Growing clamour for Diamond to go: Barclays chief could go in days after Cameron joins the attack

  • PM demands accountability 'all the way to the top of the organisation'
  • Labour leader Ed Miliband calls for criminal prosecutions for those involved 
  • Chancellor George Osborne says Diamond has 'questions to answer'
  • Vince Cable reminds MPs Government has power to disqualify directors

Britain's highest-paid banking boss Bob Diamond was last night under intense pressure to quit over the interest-rate fixing scandal after David Cameron suggested he must go.
The Barclays boss, who got £18million last year, said he would not take a multi-million-pound bonus this year after his bank was revealed to have conspired for years to fix a key borrowing rate.
But the leaders of both main political parties suggested that was not enough, with a growing expectation in Westminster that Mr Diamond will be forced out within days.
Not smiling anymore... Bob Diamond, chief executive of Barclays, has come under intense pressure to quit after his bank was revealed to have fiddled key market data
Not smiling anymore... Bob Diamond, chief executive of Barclays, has come under intense pressure to quit after staff at his bank were revealed to have fiddled key market data for years to fix their trades
The Prime Minister, speaking in Brussels where he is attending an EU summit, gave a strong signal that he believes Mr Diamond – who was in charge of Barclays Capital at the time the breaches happened between 2005 and 2009 – must fall on his sword.
‘People have to take responsibility for their actions and show how they’re going to be accountable for those actions,’ Mr Cameron said. ‘It’s very important that goes all the way to the top of the organisation.’
Mr Cameron said the whole management team at Barclays had ‘some serious questions to answer.
‘Who was responsible?

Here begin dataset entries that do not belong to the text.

(* Let $H$ be a subgroup of a direct product $H_1\times\dots\times H_r$ of finite groups, and let $g\in H$ be an involution. For $i=1,\dots,r$ let $L_i$ be the projection of $H$ to $H_i\times H_{i+1}\times\dots\times H_r$ (so $L_1=H$), and let $g_i$ be the image of $g$ in $L_i$. For $i=1,\dots,r-1$ let $\psi_i:L_i\to L_{i+1}$ be the canonical projection and $T_i=\ker\psi_i$; set $T_r=L_r$. Suppose that there is $k\leq r$ such that $|T_i|$ is odd for all $i<k$ and $|T_k|$ is even; if $k<r$ suppose further that $g_{k+1}=1$. Let $P$ be a Sylow $2$-subgroup of $T_k$. Then $$|H:C_H(g)|=\left(\prod_{i=1}^{k}|T_i:C_{T_i}(g_i)|\right)\frac{|(g_k)^{L_k}\cap P|}{|(g_k)^{T_k}\cap P|}.$$
   Context: $x^K$ denotes the set of $K$-conjugates of $x$; $C_{T_i}(g_i)$ is the centralizer in the normal subgroup $T_i\trianglelefteq L_i$ of $g_i\in L_i$. *)

From HB Require Import structures.
From mathcomp Require Import all_boot all_order all_algebra all_fingroup all_solvable.
Set Implicit Arguments.
Unset Strict Implicit.
Unset Printing Implicit Defensive.

Local Open Scope group_scope.

(* The direct product H_1 x ... x H_r is modelled as an internal direct
   product of subgroups Hs 1, ..., Hs r of a finite group gT. *)

Definition headp (gT : finGroupType) (Hs : nat -> {group gT}) (i : nat) : {set gT} :=
  (\prod_(1 <= j < i) Hs j)%g.

Definition tailp (gT : finGroupType) (Hs : nat -> {group gT}) (r i : nat) : {set gT} :=
  (\prod_(i <= j < r.+1) Hs j)%g.

Definition proj (gT : finGroupType) (Hs : nat -> {group gT}) (r i : nat) (x : gT) : gT :=
  remgr (headp Hs i) (tailp Hs r i) x.

Definition Lsub (gT : finGroupType) (Hs : nat -> {group gT}) (r : nat)
    (H : {set gT}) (i : nat) : {set gT} :=
  proj Hs r i @: H.

Definition Tker (gT : finGroupType) (Hs : nat -> {group gT}) (r : nat)
    (H : {set gT}) (i : nat) : {set gT} :=
  if (i < r)%N then [set x in Lsub Hs r H i | proj Hs r i.+1 x == 1]
  else Lsub Hs r H i.

From HB Require Import structures.
From mathcomp Require Import all_boot all_order all_algebra all_fingroup all_solvable.
Import GRing.Theory.
Local Open Scope group_scope.

(* Let L_i, T_i, g_i be as in the statement and write b_i = |L_i : C_(L_i)(g_i)|,
   a_i = |T_i : C_(T_i)(g_i)|.  The proof has two ingredients.
   1. Odd kernel step: if f is a morphism on L whose kernel K has odd order
      and g is an involution, then f^-1(C_(f L)(f g)) = C_L(g) K, hence
      |L : C_L(g)| = |K : C_K(g)| |f L : C_(f L)(f g)|.  The point is that
      t = g g^x lies in K and is inverted by g, so its square root u in <t>
      (which exists since t has odd order) satisfies g^u = g^x.
      Applied to psi_i : L_i -> L_(i+1) this gives b_i = a_i b_(i+1) for i < k.
   2. Sylow counting: for T normal in L and P a Sylow subgroup of T, the class
      g^L is a union of T-classes, all of the size of g^T and all meeting P
      in as many points as g^T (Sylow subgroups of T are T-conjugate), so
      |g^L| |g^T :&: P| = |g^T| |g^L :&: P|.  Applied to T_k <| L_k this gives
      b_k = a_k |g_k^L_k :&: P| / |g_k^T_k :&: P|. *)

Section Involutions.
Variable gT : finGroupType.
Implicit Types a b g t u : gT.

Lemma invg_involution g : g ^+ 2 = 1 -> g^-1 = g.
Proof. by move=> g2; apply/eqP; rewrite eq_invg_mul -expg2 g2. Qed.

Lemma involution_prod_inverted a b :
  a ^+ 2 = 1 -> b ^+ 2 = 1 -> (a * b) ^ a = (a * b)^-1.
Proof.
move=> a2 b2; rewrite /conjg invMg !invg_involution // !mulgA -expg2 a2.
by rewrite mul1g.
Qed.

Lemma conjg_inverted g u : g ^+ 2 = 1 -> u ^ g = u^-1 -> g ^ u = g * u ^+ 2.
Proof.
move=> g2 ug; rewrite /conjg -ug /conjg invg_involution // !mulgA.
by rewrite -(mulgA _ g g) -expg2 g2 mulg1.
Qed.

Lemma odd_order_sqrt t : odd #[t] -> (t ^+ (#[t].+1)./2) ^+ 2 = t.
Proof.
move=> odd_t; have half2 : ((#[t].+1)./2.*2 = #[t].+1)%N.
  by rewrite -[RHS]odd_double_half /= odd_t.
by rewrite -expgM muln2 half2 expgSr expg_order mul1g.
Qed.

End Involutions.

Section OddKernel.
Variables (gT rT : finGroupType) (L : {group gT}) (f : {morphism L >-> rT}).
Variable g : gT.
Hypotheses (Lg : g \in L) (g2 : g ^+ 2 = 1) (oddK : odd #|'ker f|).

Lemma odd_kernel_cent_lift : f @*^-1 'C_(f @* L)[f g] = 'C_L[g] * 'ker f.
Proof.
apply/eqP; rewrite eqEsubset; apply/andP; split; last first.
  apply/subsetP=> _ /mulsgP[c k /setIP[Lc /cent1P cg] Kk ->].
  have Lk : k \in L by case/morphpreP: Kk.
  apply/morphpreP; split; first by rewrite groupM.
  rewrite morphM // (mker Kk) mulg1 inE mem_morphim //=.
  by apply/cent1P; rewrite /commute -!morphM // cg.
apply/subsetP=> x /morphpreP[Lx /setIP[_ /cent1P cx]].
pose t := g * g ^ x.
have Kt : t \in 'ker f.
  rewrite !inE groupM ?groupJ //= morphM ?groupJ // morphJ //.
  by rewrite /conjg -cx mulKg -morphM // -expg2 g2 morph1.
have tg : t ^ g = t^-1.
  by apply: involution_prod_inverted; rewrite // -conjXg g2 conj1g.
pose u := t ^+ (#[t].+1)./2.
have Ku : u \in 'ker f by rewrite groupX.
have Lu : u \in L by case/morphpreP: Ku.
have gu : g ^ u = g ^ x.
  rewrite conjg_inverted ?odd_order_sqrt ?(dvdn_odd (order_dvdG Kt)) //.
    by rewrite mulgA -expg2 g2 mul1g.
  by rewrite conjXg tg expVgn.
rewrite -(mulgKV u x); apply: mem_mulg => //.
rewrite inE groupM ?groupV //= cent1C; apply/cent1P/commgP/conjg_fixP.
by rewrite conjgM -gu conjgK.
Qed.

Lemma index_cent_odd_kernel :
  #|L : 'C_L[g]| =
    (#|'ker f : 'C_('ker f)[g]| * #|f @* L : 'C_(f @* L)[f g]|)%N.
Proof.
have sKL : 'ker f \subset L := subsetIl _ _.
have sML : f @*^-1 'C_(f @* L)[f g] \subset L := morphpre_sub _ _.
have sCM : 'C_L[g] \subset f @*^-1 'C_(f @* L)[f g].
  by rewrite odd_kernel_cent_lift mulG_subl.
rewrite -(Lagrange_index sML sCM) mulnC; congr (_ * _)%N.
  by rewrite /= odd_kernel_cent_lift indexMg -indexgI setIA (setIidPl sKL).
by rewrite -(index_morphpre _ (subxx (f @* L))) morphimGK.
Qed.

End OddKernel.

Lemma card_cover_meet (T : finType) (Part : {set {set T}}) (Q : {set T})
    (n : nat) :
  trivIset Part -> {in Part, forall B, #|B :&: Q| = n} ->
  #|cover Part :&: Q| = (#|Part| * n)%N.
Proof.
move=> tiPart meetQ.
have cardI A : #|A :&: Q| = (\sum_(x in A | x \in Q) 1)%N.
  by rewrite -sum1_card; apply: eq_bigl => x; rewrite inE.
rewrite -sum_nat_const cardI big_trivIset_cond //.
by apply: eq_bigr => B PB; rewrite -(meetQ B PB) cardI.
Qed.

Section ClassesAndSylow.
Context {gT : finGroupType}.
Implicit Types (T L P : {group gT}) (A : {set gT}).

Lemma class_conj_norm T x l : l \in 'N(T) -> (x ^ l) ^: T = (x ^: T) :^ l.
Proof. by move=> nTl; rewrite -class_lcoset -norm_rlcoset // class_rcoset. Qed.

(* A T-invariant set A meets a Sylow subgroup P of T as often as any of its
   conjugates under 'N(T) does, because P :^ l^-1 is a T-conjugate of P. *)
Lemma card_meet_Sylow_conj p T P A l :
  p.-Sylow(T) P -> T \subset 'N(A) -> l \in 'N(T) ->
  #|A :^ l :&: P| = #|A :&: P|.
Proof.
move=> sylP nAT nTl.
have sylQ : p.-Sylow(T) (P :^ l^-1) by rewrite pHallJnorm ?groupV.
have [t Tt defQ] := Sylow_trans sylP sylQ.
rewrite -(cardJg (A :^ l :&: P) l^-1) conjIg conjsgK defQ.
rewrite -(cardJg (A :&: P :^ t) t^-1) conjIg conjsgK.
by rewrite (normP (subsetP nAT _ (groupVr Tt))).
Qed.

(* Counting the points of x ^: L in P through the T-classes partitioning it. *)
Lemma class_count {p L T P} x :
  T <| L -> p.-Sylow(T) P ->
  (#|x ^: L| * #|x ^: T :&: P| = #|x ^: T| * #|x ^: L :&: P|)%N.
Proof.
case/andP=> sTL nTL sylP.
have actsT : [acts T, on x ^: L | 'J].
  by rewrite astabsJ (subset_trans sTL) ?class_norm.
pose Part := orbit 'J T @: (x ^: L).
have /andP[/eqP coverX /andP[tiX _]] : partition Part (x ^: L).
  exact: orbit_partition actsT.
have classX B : B \in Part -> exists2 l, l \in L & B = (x ^: T) :^ l.
  case/imsetP=> _ /imsetP[l Ll ->] ->; exists l => //.
  by rewrite orbitJ class_conj_norm ?(subsetP nTL).
have cardX : #|x ^: L| = (#|Part| * #|x ^: T|)%N.
  rewrite -[in LHS]coverX -(setIT (cover Part)).
  apply: card_cover_meet => // B /classX[l Ll ->].
  by rewrite setIT cardJg.
have meetX : #|x ^: L :&: P| = (#|Part| * #|x ^: T :&: P|)%N.
  rewrite -[in LHS]coverX; apply: card_cover_meet => // B /classX[l Ll ->].
  by apply: card_meet_Sylow_conj sylP (class_norm _ _) (subsetP nTL l Ll).
by rewrite cardX meetX mulnCA mulnA.
Qed.

Lemma class_meets_Sylow {p T P x} :
  p.-Sylow(T) P -> x \in T -> p.-elt x -> 0 < #|x ^: T :&: P|.
Proof.
move=> sylP Tx p_x; have sXT : <[x]> \subset T by rewrite cycle_subG.
have [t Tt sXtP] := Sylow_Jsub sylP sXT p_x.
apply/card_gt0P; exists (x ^ t); rewrite inE memJ_class //=.
by apply: (subsetP sXtP); rewrite memJ_conjg cycle_id.
Qed.

End ClassesAndSylow.

Section DirectProductProjections.
Context {gT : finGroupType} {r : nat} {Hs : nat -> {group gT}} {G : {group gT}}.
Hypothesis defG : \big[dprod/1]_(1 <= j < r.+1) Hs j = G.

Lemma head_tail_dprod {i} : (1 <= i <= r.+1)%N ->
  exists K L : {group gT}, [/\ headp Hs i = K, tailp Hs r i = L & K \x L = G].
Proof.
case/andP=> i1 ir; have := defG; rewrite (big_cat_nat i1 ir) /= => defKL.
have [[K L eK eL] _ _ _] := dprodP defKL.
exists K, L; split; last by rewrite -eK -eL.
- by rewrite /headp (bigdprodW eK).
- by rewrite /tailp (bigdprodW eL).
Qed.

Lemma proj_morph {i} : (1 <= i <= r.+1)%N ->
  {in G &, {morph proj Hs r i : x y / x * y}}.
Proof.
move=> hi; have [K [L [eK eL dKL]]] := head_tail_dprod hi.
have [_ eKL _ tKL] := dprodP dKL; have [nK _] := dprod_normal2 dKL.
by rewrite /proj eK eL; apply: remgrM => //; apply/complP.
Qed.

Definition projm {i} (hi : (1 <= i <= r.+1)%N) : {morphism G >-> gT} :=
  Morphism (proj_morph hi).

Lemma proj_subG i x : (1 <= i <= r.+1)%N -> x \in G -> proj Hs r i x \in G.
Proof.
move=> hi Gx; have [K [L [eK eL dKL]]] := head_tail_dprod hi.
have [_ eKL _ _] := dprodP dKL; rewrite /proj eK eL -eKL in Gx *.
by rewrite (subsetP (mulG_subr _ _)) ?mem_remgr.
Qed.

Lemma proj1_id {x} : x \in G -> proj Hs r 1 x = x.
Proof.
move=> Gx; have [K [L [eK eL dKL]]] := head_tail_dprod (isT : 1 <= 1 <= r.+1)%N.
have [_ eKL _ tKL] := dprodP dKL; have K1 : K :=: 1 by rewrite -eK /headp big_geq.
rewrite -eKL K1 mul1g in Gx.
by rewrite /proj eK eL remgr_id.
Qed.

Lemma proj_succ {i x} : (1 <= i <= r)%N -> x \in G ->
  proj Hs r i.+1 (proj Hs r i x) = proj Hs r i.+1 x.
Proof.
case/andP=> i1 ir Gx; have hi : (1 <= i <= r.+1)%N by rewrite i1 ltnW.
have hi1 : (1 <= i.+1 <= r.+1)%N by [].
have [K [L [eK eL dKL]]] := head_tail_dprod hi.
have [_ eKL _ _] := dprodP dKL; have KLx : x \in K * L by rewrite eKL.
have Gd : divgr K L x \in G by rewrite -eKL (subsetP (mulG_subl _ _)) ?mem_divgr.
have Gr : remgr K L x \in G by rewrite -eKL (subsetP (mulG_subr _ _)) ?mem_remgr.
rewrite {2}(divgr_eq K L x) (proj_morph hi1) // /proj eK eL.
have [K' [L' [eK' eL' _]]] := head_tail_dprod hi1.
have sKK' : K \subset K' by rewrite -eK -eK' /headp big_nat_recr //= mulG_subl.
by rewrite eK' eL' [X in _ = X * _]remgr1 ?mul1g // (subsetP sKK') ?mem_divgr.
Qed.

Context {H : {group gT}}.
Hypothesis sHG : H \subset G.

Lemma Lsub_morphim {i} (hi : (1 <= i <= r.+1)%N) :
  Lsub Hs r H i = projm hi @* H.
Proof. by rewrite /Lsub morphimEsub. Qed.

Lemma Lsub1 : Lsub Hs r H 1 = H.
Proof.
rewrite /Lsub -[RHS]imset_id; apply: eq_in_imset => x Hx.
by rewrite proj1_id ?(subsetP sHG).
Qed.

Lemma Lsub_subG {i} : (1 <= i <= r.+1)%N -> Lsub Hs r H i \subset G.
Proof.
by move=> hi; apply/subsetP=> _ /imsetP[x Hx ->]; rewrite proj_subG ?(subsetP sHG).
Qed.

Lemma Lsub_succ i : (1 <= i <= r)%N ->
  proj Hs r i.+1 @: Lsub Hs r H i = Lsub Hs r H i.+1.
Proof.
move=> hi; rewrite /Lsub -imset_comp; apply: eq_in_imset => x Hx /=.
by rewrite proj_succ ?(subsetP sHG).
Qed.

Lemma Tker_ker {i} (hi1 : (1 <= i.+1 <= r.+1)%N) : (1 <= i < r)%N ->
  Tker Hs r H i = 'ker_(Lsub Hs r H i) (projm hi1).
Proof.
case/andP=> i1 ir; rewrite /Tker ir; apply/setP=> x; rewrite !inE.
have hi : (1 <= i <= r.+1)%N by rewrite i1 ltnW // ltnW.
by apply: andb_id2l => Lx; rewrite (subsetP (Lsub_subG hi)).
Qed.

Lemma index_cent_step i g : (1 <= i < r)%N -> g \in H -> g ^+ 2 = 1 ->
    odd #|Tker Hs r H i| ->
  #|Lsub Hs r H i : 'C_(Lsub Hs r H i)[proj Hs r i g]| =
    (#|Tker Hs r H i : 'C_(Tker Hs r H i)[proj Hs r i g]| *
     #|Lsub Hs r H i.+1 : 'C_(Lsub Hs r H i.+1)[proj Hs r i.+1 g]|)%N.
Proof.
move=> hir Hg g2; have /andP[i1 ir] := hir; have Gg := subsetP sHG g Hg.
have hi : (1 <= i <= r.+1)%N by rewrite i1 ltnW // ltnW.
have hi1 : (1 <= i.+1 <= r.+1)%N by rewrite /= ltnS ltnW.
have hir_le : (1 <= i <= r)%N by rewrite i1 ltnW.
have sLG := Lsub_subG hi; rewrite (Lsub_morphim hi) in sLG *.
pose f := restrm sLG (projm hi1).
have kerf : 'ker f = Tker Hs r H i.
  by rewrite ker_restrm (Tker_ker hi1 hir) (Lsub_morphim hi).
have imf : f @* (projm hi @* H) = Lsub Hs r H i.+1.
  by rewrite im_restrm morphimEsub // -(Lsub_morphim hi) Lsub_succ.
have fg : f (proj Hs r i g) = proj Hs r i.+1 g := proj_succ hir_le Gg.
have Lg : proj Hs r i g \in projm hi @* H := mem_morphim (projm hi) Gg Hg.
have g2' : proj Hs r i g ^+ 2 = 1.
  by rewrite -[proj Hs r i]/(projm hi : _ -> _) -morphX // g2 morph1.
rewrite -kerf -imf -fg => oddK; exact: index_cent_odd_kernel.
Qed.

Who was going to take responsibility? How are they being held accountable? These are issues they need to determine and determine quite rapidly.’
Labour leader Ed Miliband also piled pressure on Mr Diamond, calling for criminal prosecutions.
‘When ordinary people break the law they face charges, prosecution and punishment. We need to know who knew what, when, and criminal prosecutions should follow against those who broke the law,’ he said.
‘This cannot be about a slap on the wrist, a fine and the foregoing of bonuses. To believe that is the end of the matter would be totally wrong.’
Ed Miliband
British Prime Minister David Cameron arrives for a meeting of European Union leaders in Brussels
Rare agreement: Ed Miliband and David Cameron both indicated that Barclays management must take responsibility for their part in the scandal, with the Labour leader calling for prosecutions of those involved
In the Commons, Chancellor George Osborne said: ‘As far as the chief executive of Barclays is concerned, he has some very serious questions to answer today. What did he know and when did he know it?’
‘Who in the Barclays management was involved and who therefore should pay the price? It is quite right that the Treasury Select Committee has asked him to appear urgently to account for himself and for his bank.’
Liberal Democrat Business Secretary Vince Cable told MPs it was ‘premature’ to decide now whether Mr Diamond should be sacked, but pointed out that the Government had powers to disqualify directors.
He told the Business, Innovation and Skills committee: ‘There are last resort powers of director disqualification as you know, and we have many hundreds a year who are subject to that action.
‘If the facts suggested action – and obviously we would be subject to legal advice, this is a legal process – then indeed that could well follow. That certainly is a sanction open to us, yes.
Vince Cable pointed out that the Government had powers to disqualify directors, but said it was premature to say Mr Diamond should go
'Questions to answer': Vince Cable pointed out the Government could disqualify directors, but said it was 'premature' to decide Mr Diamond's fate
‘I think it is premature to decide what exactly should happen to Mr Diamond, whether it is in respect of his pay or tenure or any other.
‘He has a lot of questions to answer and I think some of those questions are actually going to be put when he comes before the Treasury Select Committee, which is right. Depending on what those questions produce, the people responsible for his company can decide on the appropriate action but I think it is seriously premature to decide now what action should be taken.’
Former Lib Dem Treasury spokesman Lord Oakeshott said: ‘If Bob Diamond has a scintilla of shame, he would resign. If Barclays’ board has an inch of backbone between them, they will sack him and put in a responsible, mainstream banker to clean out the cesspit.
‘I don’t think we need more investigation. We’ve seen quite clearly what was going on there in Barclays Capital, which for that time was under the direct control of Bob Diamond.
‘Frankly whether he knew what was going on or whether he didn’t, his position is equally hopeless.
‘If he knew, obviously he was colluding with it, if he didn’t know, you have a responsibility to make sure this sort of thing is not going on.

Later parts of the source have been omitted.